Gou et al. [17] proposed a visual system, SFViz, to support
users to explore and find friends interactively under the
context of interest, and reported a case study using the
system to explore the recommendation of friends based on
people’s tagging behaviors in a music community. These
existing friend recommendation systems, however, are significantly
different from our work, as we exploit recent sociology
findings to recommend friends based on their similar
life styles instead of social relations.
Activity recognition serves as the basis for extracting
high-level daily routines (in close correlation with life
styles) from low-level sensor data, which has been widely
studied using various types of wearable sensors. Zheng
et al. [33] used GPS data to understand the transportation
mode of users. Lester et al. [21] used data from wearable
sensors to recognize activities based on the Hidden Markov
Model (HMM). Li et al. [22] recognized static postures and
dynamic transitions by using accelerometers and gyroscopes.
The advance of smartphones enables activity recognition using the rich set of sensors on the smartphones.
Reddy et al. [26] used the built-in GPS and the accelerometer
on the smartphones to detect the transportation mode of
an individual. CenceMe [24] used multiple sensors on the
smartphone to capture user’s activities, state, habits and
surroundings. SoundSense [23] used the microphone on the
smartphone to recognize general sound types (e.g., music,
voice) and discover user specific sound events. EasyTracker
[7] used GPS traces collected from smartphones that are
installed on transit vehicles to determine routes served,
locate stops, and infer schedules.
Although a lot of work has been done for activity recognition
using smartphones, there is relatively little work on
discovery of daily routines using smartphones. The MIT
Reality Mining project [12] and Farrahi and Gatica-Perez
[14] tried to discover daily location-driven routines from
large-scale location data. They could infer daily routines
such as leaving from home to office and eating at a restaurant.
However, they could not discover the daily routines of
people who are staying at the same location. For instance,
when one stays at home, his/her daily routines like “eating
lunch” and “watching movie” could not be discovered if
only using the location information. In [13], Farrahi and
Gatica-Perez took a step further and overcame the shortcoming
of discovering daily routines of people staying in
the same location by considering combined location and
physical proximity sensed by the mobile phone. Another
closely related work was presented in [19], which used a
topic model to extract activity patterns from sensor data.
However, they used two wearable sensors, but not smartphones,
to discover the daily routines. In our work, we
attempt to use the probabilistic topic model to discover life
styles using the smartphone. We further utilize patterns discovered
from activities as a basis for friend recommendation
that helps users find friends who have similar life
styles. Note that the work in this paper is significantly different
from our preliminary demo work of Friendbook [31]

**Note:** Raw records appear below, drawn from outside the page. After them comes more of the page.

(* Let $D$ be a checkerboard colorable virtual link diagram and let $G_D$ be a signed Tait graph of $D$. Then $\langle D\rangle(A,B,d)=F[G_D](A,B,d)$.
   Context: A virtual link diagram is a plane curve with real crossings and virtual crossings. It is checkerboard colorable if one can color a small neighbourhood of one side of each arc so that near each real crossing the colored sides alternate, and near each virtual crossing the colorings of the two strands pass through independently. Bracket polynomial: $\langle D\rangle(A,B,d)=\sum_{\sigma}A^{\alpha(\sigma)}B^{\beta(\sigma)}d^{|\sigma|-1}$, the sum over all states $\sigma$ (choice of $A$- or $B$-smoothing at every real crossing), $\alpha(\sigma),\beta(\sigma)$ the numbers of $A$- and $B$-smoothings, $|\sigma|$ the number of closed curves. Signed Tait graph (Chmutov–Pak): given a checkerboard coloring of $D$, thicken $D$ to a surface in which bands at virtual crossings pass without touching; the colored neighbourhoods form annuli whose exterior circles run along the diagram, jumping between strands at real crossings so that the two colored corners of each crossing lie on them. Replace each real crossing by an edge-ribbon joining the exterior-circle arcs at the two colored corners and glue discs along the interior circles. The result is an orientable signed ribbon graph (vertices = capped annuli, edges = real crossings, edge sign $+$ iff the $A$-smoothing of the crossing joins the two colored corners), i.e. a signed cyclic graph $G_D$ (cyclic graph: graph with cyclic ordering of half-edges at each vertex). The polynomial $F[G]$ of a signed cyclic graph $G$: edges may be ''marked''; for an unmarked edge $e$, $G-e$ deletes $e$ and $G(\bar e)$ keeps $e$ and marks it; $F[G]=B\,F[G-e]+A\,F[G(\bar e)]$ if $e$ is positive, $F[G]=A\,F[G-e]+B\,F[G(\bar e)]$ if $e$ is negative; and if $H$ is a spanning subgraph (all vertices, a subset of edges with induced cyclic order) all of whose edges are marked, $F[H]=d^{bc(H)-1}$, with $bc(H)$ the number of boundary components of the ribbon graph of $H$. *)

From mathcomp Require Import all_boot all_order all_algebra.
Unset Printing Implicit Defensive.
Import GRing.Theory.
Local Open Scope ring_scope.

(* Virtual crossings are invisible to all notions involved (states, curves,  *)
(* colourings, the thickened surface); a virtual diagram is encoded by its   *)
(* real crossings, the cyclic (counterclockwise) order 0,1,2,3 of the four   *)
(* half-edges at each real crossing, the arcs joining half-edges (through    *)
(* virtual crossings), the over/under information, and the number of         *)
(* crossingless closed components.                                           *)
(* Corner j at crossing c is the region between half-edges j and j+1.       *)
Record vdiagram := VDiagram {
  vd_X : finType;
  vd_arc : vd_X * 'I_4 -> vd_X * 'I_4;          (* other end of the arc *)
  vd_over : vd_X -> bool;  (* true: the strand through half-edges 0,2 is over *)
  vd_loops : nat           (* closed components without real crossings *)
}.
Arguments vd_arc : clear implicits.
Arguments vd_over : clear implicits.

Definition vdiagram_wf (D : vdiagram) : Prop :=
  (forall h, vd_arc D (vd_arc D h) = h) /\ (forall h, vd_arc D h <> h).

(* Kauffman's convention: corner j of c is an A-region (swept when the
   overstrand is rotated counterclockwise); these are corners 0,2 when the
   strand 0-2 is over, and corners 1,3 otherwise. *)
Definition corner_is_A (D : vdiagram) (c : vd_X D) (j : 'I_4) : bool :=
  odd j != vd_over D c.

(* smoothing at crossing c; s = true: A-smoothing (joins the two A-corners),
   s = false: B-smoothing.  The smoothing joining corners k, k+2 replaces the
   crossing by the two arcs hugging corners k+1 and k+3; a hugged corner j
   connects half-edges j and j+1.  [smooth_partner] gives the half-edge to
   which h is connected by the smoothing. *)
Definition hugged (D : vdiagram) (s : bool) (c : vd_X D) (j : 'I_4) : bool :=
  corner_is_A D c j != s.

Definition smooth_partner (D : vdiagram) (s : bool) (h : vd_X D * 'I_4)
  : vd_X D * 'I_4 :=
  if hugged D s h.1 h.2 then (h.1, ordS h.2) else (h.1, ord_pred h.2).

(* the closed curves of a state: components of the graph on half-edges whose
   edges are the arcs and the smoothing connections *)
Definition state_rel (D : vdiagram) (st : {ffun vd_X D -> bool})
  : rel (vd_X D * 'I_4) :=
  fun x y => (vd_arc D x == y) || (smooth_partner D (st x.1) x == y).

Definition state_curves (D : vdiagram) (st : {ffun vd_X D -> bool}) : nat :=
  #|[pred x | fingraph.root (state_rel D st) x == x]| + vd_loops D.

(* Bracket polynomial, evaluated at A B d in a commutative ring
   (the polynomial identity in Z[A,B,d] is equivalent to this identity for
   all commutative rings and all values). *)
Definition bracket {R : comPzRingType} (D : vdiagram) (A B d : R) : R :=
  \sum_(st : {ffun vd_X D -> bool})
     A ^+ #|[set c | st c]| * B ^+ #|[set c | ~~ st c]|
       * d ^+ (state_curves D st).-1.

(* Checkerboard colouring: col h = true iff the coloured side of the arc at
   half-edge h is the left side when leaving the crossing along h.  Left of
   half-edge i is corner i, right of half-edge i is corner i-1.  The two ends
   of an arc colour opposite sides (left at one end = right at the other),
   and colours alternate around each real crossing (coloured corners
   alternate). *)
Definition checkerboard (D : vdiagram) (col : vd_X D * 'I_4 -> bool) : Prop :=
  (forall h, col (vd_arc D h) = ~~ col h) /\
  (forall c (i : 'I_4), col (c, ordS i) = ~~ col (c, i)).

(* Signed cyclic graphs (= orientable signed ribbon graphs), encoded as      *)
(* combinatorial maps: edges E, half-edges E * bool (the two ends of e are   *)
(* (e,false),(e,true)), rotation cg_rot = next half-edge counterclockwise at  *)
(* the same vertex; vertices carrying half-edges are the cg_rot-orbits, and   *)
(* cg_iso further isolated vertices.                                         *)
Record cgraph := CGraph {
  cg_E : finType;
  cg_rot : cg_E * bool -> cg_E * bool;
  cg_iso : nat;
  cg_sign : cg_E -> bool        (* true = positive edge *)
}.
Arguments cg_rot : clear implicits.
Arguments cg_sign : clear implicits.

Section CGraphDefs.
Variable G : cgraph.
Local Notation dart := (cg_E G * bool)%type.

Definition flipd (x : dart) : dart := (x.1, ~~ x.2).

that recommended friends to users based on the similarity
of pictures taken by users.
3 SYSTEM OVERVIEW
In this section, we give a high-level overview of the Friendbook
system. Fig. 2 shows the system architecture of Friendbook which adopts a client-server mode where each
client is a smartphone carried by a user and the servers are
data centers or clouds.
On the client side, each smartphone can record data of its
user, perform real-time activity recognition and report the
generated life documents to the servers. It is worth noting
that an offline data collection and training phase is needed
to build an appropriate activity classifier for real-time activity
recognition on smartphones. We spent three months on
collecting raw data of eight volunteers for building a large
training data set. As each user typically generates around
50 MB of raw data each day, we choose MySQL as our low
level data storage platform and Hadoop MapReduce as our
computation infrastructure. After the activity classifier is
built, it will be distributed to each user’s smartphone and
then activity recognition can be performed in real-time
manner. As a user continually uses Friendbook, he/she will
accumulate more and more activities in his/her life documents,
based on which, we can discover his/her life styles
using probabilistic topic model.
On the server side, seven modules are designed to fulfill
the task of friend recommendation. The data collection module
collects life documents from users’ smartphones. The
life styles of users are extracted by the life style analysis module
with the probabilistic topic model. Then the life style
indexing module puts the life styles of users into the database
in the format of (life-style, user) instead of (user, lifestyle).
A friend-matching graph can be constructed accordingly
by the friend-matching graph construction module to
represent the similarity relationship between users’ life
styles. The impacts of users are then calculated based on the
friend-matching graph by the user impact ranking module.
The user query module takes a user’s query and sends a
ranked list of potential friends to the user as response. The
system also allows users to give feedback of the recommendation
results which can be processed by the feedback control
module. With this module, the accuracy of friend recommendation
can be improved.
In the following sections, we will elaborate on all the
components of the system.
4 LIFE STYLE EXTRACTION USING TOPIC MODEL
4.1 Life Style Modeling
As stated in Section 1, life styles and activities are reflections
of daily lives at two different levels where daily lives can be
treated as a mixture of life styles and life styles as a mixture
of activities. This is analogous to the treatment of documents
as ensemble of topics and topics as ensemble of
words. By taking advantage of recent developments in the
field of text mining, we model the daily lives of users as life
documents, the life styles as topics, and the activities as words.
Given “documents”, the probabilistic topic model could
discover the probabilities of underlying “topics”. Therefore,
we adopt the probabilistic topic model to discover the probabilities
of hidden “life styles” from the “life documents”.
In probabilistic topic models, the frequency of vocabulary is
particularly important, as different frequency of words
denotes their information entropy variances. Following this
observation, we propose the “bag-of-activity” model (Fig. 3)
to replace the original sequences of activities recognized